Sunday, February 9, 2014

Sunday of the 5th week in ordinary time

Dear friends,  You could help the sick poor that come here to the hermitage for help by donating any/some/all of the items in the below list ...it would be a great help if you could please pass on this request to your friends and family.  (Maybe a doctors office closing down or a nurse retiring...maybe a hospital has just purchased new equipment and will discard the old 'stuff')
Nazareth hermitage needs the following items in order to continue providing health care to the sick poor. The items in the below list are really important to our continued service. All of the items listed are replacements for the ones that have finally broke down,worn out or just missing. I hope you might be able to help. These items cannot be purchased here or are too costly locally.
1. blood pressure cuffs X 3 2. stethoscopes X 3 3. Thermometers X 10  4. Gauze pads---4" X 4" or 2"X2"'s 5. Tape for securing bandages 6.  Butterfly closures 7. Self adhering roller gauze or Kling type rolls. 4" X 4" or 2"X2"'s 8. Long lasting AA and AAA batteries 9. Coin Style lithium batteries ( 3V  CR2032) for the thermometers, weighing scale, etc. 10. Hemostats 11. Forceps 12. Containers to hold liquids used to hold forceps in solution. 13. Washcloths (for washing wounds)
Thank you very much.
Love and prayers,
Br. dismas Mary

READING

From an explanation of Paul's letter to the Galatians by Saint Augustine, bishop

Let us understand the workings of God's grace
 
Paul writes to the Galatians to make them understand that by God’s grace they are no longer under the law. When the Gospel was preached to them, there were some among them of Jewish origin known as circumcisers – though they called themselves Christians – who did not grasp the gift they had received. They still wanted to be under the burden of the law. Now God had imposed that burden on those who were slaves to sin and not on servants of justice. That is to say, God had given a just law to unjust men in order to show them their sin, not to take it away. For sin is taken away only by the gift of faith that works through love.

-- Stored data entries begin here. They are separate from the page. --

Lemma a10_sval_additive b : additive_fn (fun h : H0 p (t0 M b) => a10 M b (sval h)).
Proof.
move=> h1 h2; have [k1 k2] := (kerN_sval (t0_additive b) h1, kerN_sval (t0_additive b) h2).
have e : h1 - h2 = H0cls p (t0 M b) (sval h1 - sval h2).
  by rewrite (H0cls_sub (t0_additive b) k1 k2) !H0cls_sval.
rewrite e a10_sval_H0cls; first exact: (a10_add _ _ KM b).
exact: (kerN_subgroup p (t0_additive b)).2.
Qed.

Lemma FD2_H0clsP b x : kerN p (t0 M b) x ->
  FD2 p M b (H0cls p (t0 M b) x) <-> a10 M b x = 0.
Proof.
move=> hx; rewrite (ex0 _ EM); split; last by case=> z <-; exists z.
case=> z /(H0cls_eqP (t0_additive b) (kerN_a02 b z) hx) [w].
rewrite subr_t0 => e; exists (z - a20 M b w).
by rewrite (a02_add _ _ KM) e opprB addrC subrK.
Qed.

Lemma FD2_subgroup b : subgroup (FD2 p M b).
Proof.
split; first by exists 0; rewrite (additive_fn0 (a02_add _ _ KM b)).
move=> _ _ [z1 <-] [z2 <-]; exists (z1 - z2).
by rewrite (a02_add _ _ KM) H0cls_sub //; [apply: t0_additive | apply: kerN_a02 ..].
Qed.

Lemma tilde_FtriP b x : tilde (Ftri p M) b x <-> exists z, a02 M b z = x.
Proof.
rewrite -(ex0 _ EM); split=> [[hx /(FD2_H0clsP b x hx)] //| hx].
have [z ez] := (ex0 _ EM b x).1 hx.
have hk : kerN p (t0 M b) x by rewrite -ez; apply: kerN_a02.
by split=> //; apply/FD2_H0clsP.
Qed.

Lemma a10q_cls b h : a10q p M b (cls (fun _ => True) (FD2 p M b) h) = a10 M b (sval h).
Proof.
have := (genE (FD2_subgroup b) _).1 (cls_rel (B := FD2 p M b) (genT h)).
rewrite -[_ - h]H0cls_sval => /(FD2_H0clsP b _ (kerN_sval (t0_additive b) _)).
by rewrite a10_sval_additive => /eqP; rewrite subr_eq0 => /eqP.
Qed.

Lemma a10q_inj b : injective (a10q p M b).
Proof.
move=> q1 q2 e; rewrite -(cls_val q1) -(cls_val q2).
apply/(cls_eqP _ (genT _) (genT _)); apply/(genE (FD2_subgroup b)).
rewrite -[_ - _]H0cls_sval; apply/(FD2_H0clsP b _ (kerN_sval (t0_additive b) _)).
by rewrite a10_sval_additive; apply/eqP; rewrite subr_eq0; apply/eqP.
Qed.

Lemma a10q_additive b : additive_fn (a10q p M b).
Proof.
move=> q1 q2; rewrite -(cls_val q1) -(cls_val q2) -cls_additive !a10q_cls.
exact: a10_sval_additive.
Qed.

Lemma a12_eq_of_H0cls b z z' :
  H0cls p (t0 M b) (a02 M b z) = H0cls p (t0 M b) (a02 M b z') -> a12 M b z = a12 M b z'.
Proof.
case/(H0cls_eqP (t0_additive b) (kerN_a02 b z) (kerN_a02 b z')) => w.
rewrite subr_t0 -(a02_add _ _ KM) => /(a02_inj b) e.
by apply/eqP; rewrite -subr_eq0 -(a12_add _ _ KM) -e (rel120 _ _ KM).
Qed.

Lemma a10q_Fal b (u : subg (FD2 p M b)) z : H0cls p (t0 M b) (a02 M b z) = sval u ->
  a10q p M (~~ b) (Fal p M (FD2 p M) b u) = a12 M b z.
Proof.
move=> hz; rewrite /Fal /= a10q_cls.
set z1 := epsilon (inhabits (0 : K2 M b)) _.
have ez1 : a02 M b z1 = sval (sval u).
  apply: (epsilon_spec _ (fun z0 => a02 M b z0 = sval (sval u))).
  apply/(ex0 _ EM)/FD2_H0clsP; first exact: kerN_sval (t0_additive b) _.
  by rewrite H0cls_sval -hz; exists z.
have e12 : a12 M b z1 = a12 M b z by apply: a12_eq_of_H0cls; rewrite ez1 H0cls_sval.
set y := epsilon _ _.
have [hy ey] : kerN p (t0 M (~~ b)) y /\ a10 M (~~ b) y = a12 M b z1.
  by apply: (epsilon_spec _ (fun y0 => kerN p _ y0 /\ _)); apply: a12_lift.
by rewrite a10_sval_H0cls // ey e12.
Qed.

The Galatians had already received this gift, but the circumcisers claimed that the Gospel would not save them unless they underwent circumcision and were willing to observe also the other traditional Jewish rites.
  The Galatians, therefore, began to question Paul’s preaching of the Gospel because he did not require Gentiles to follow Jewish observances as other apostles had done. Even Peter had yielded to the scandalized protests of the circumcisers. He pretended to believe that the Gospel would not save the Gentiles unless they fulfilled the burden of the law. But Paul recalled him from such dissimulation, as is shown in this very same letter. A similar issue arises in Paul’s letter to the Romans, but with an evident difference. Through his letter to them, Paul was able to resolve the strife and controversy that had developed between the Jewish and Gentile converts.
  In the present letter Paul is writing to persons who were profoundly influenced and disturbed by the circumcisers. The Galatians had begun to believe them and to think that Paul had not preached rightly, since he had not ordered them to be circumcised. And so the Apostle begins by saying: I am amazed that you are so quickly deserting him who called you to the glory of Christ, and turning to another gospel.
  After this there comes a brief introduction to the point at issue. But remember in the very opening of the letter Paul had said that he was an apostle not from men nor by any man, a statement that does not appear in any other letter of his. He is making it quite clear that the circumcisers, for their part, are not from God but from men, and that his authority in preaching the Gospel must be considered equal to that of the other apostles. For he was called to be an apostle not from men nor by any man, but through God the Father and his Son Jesus Christ.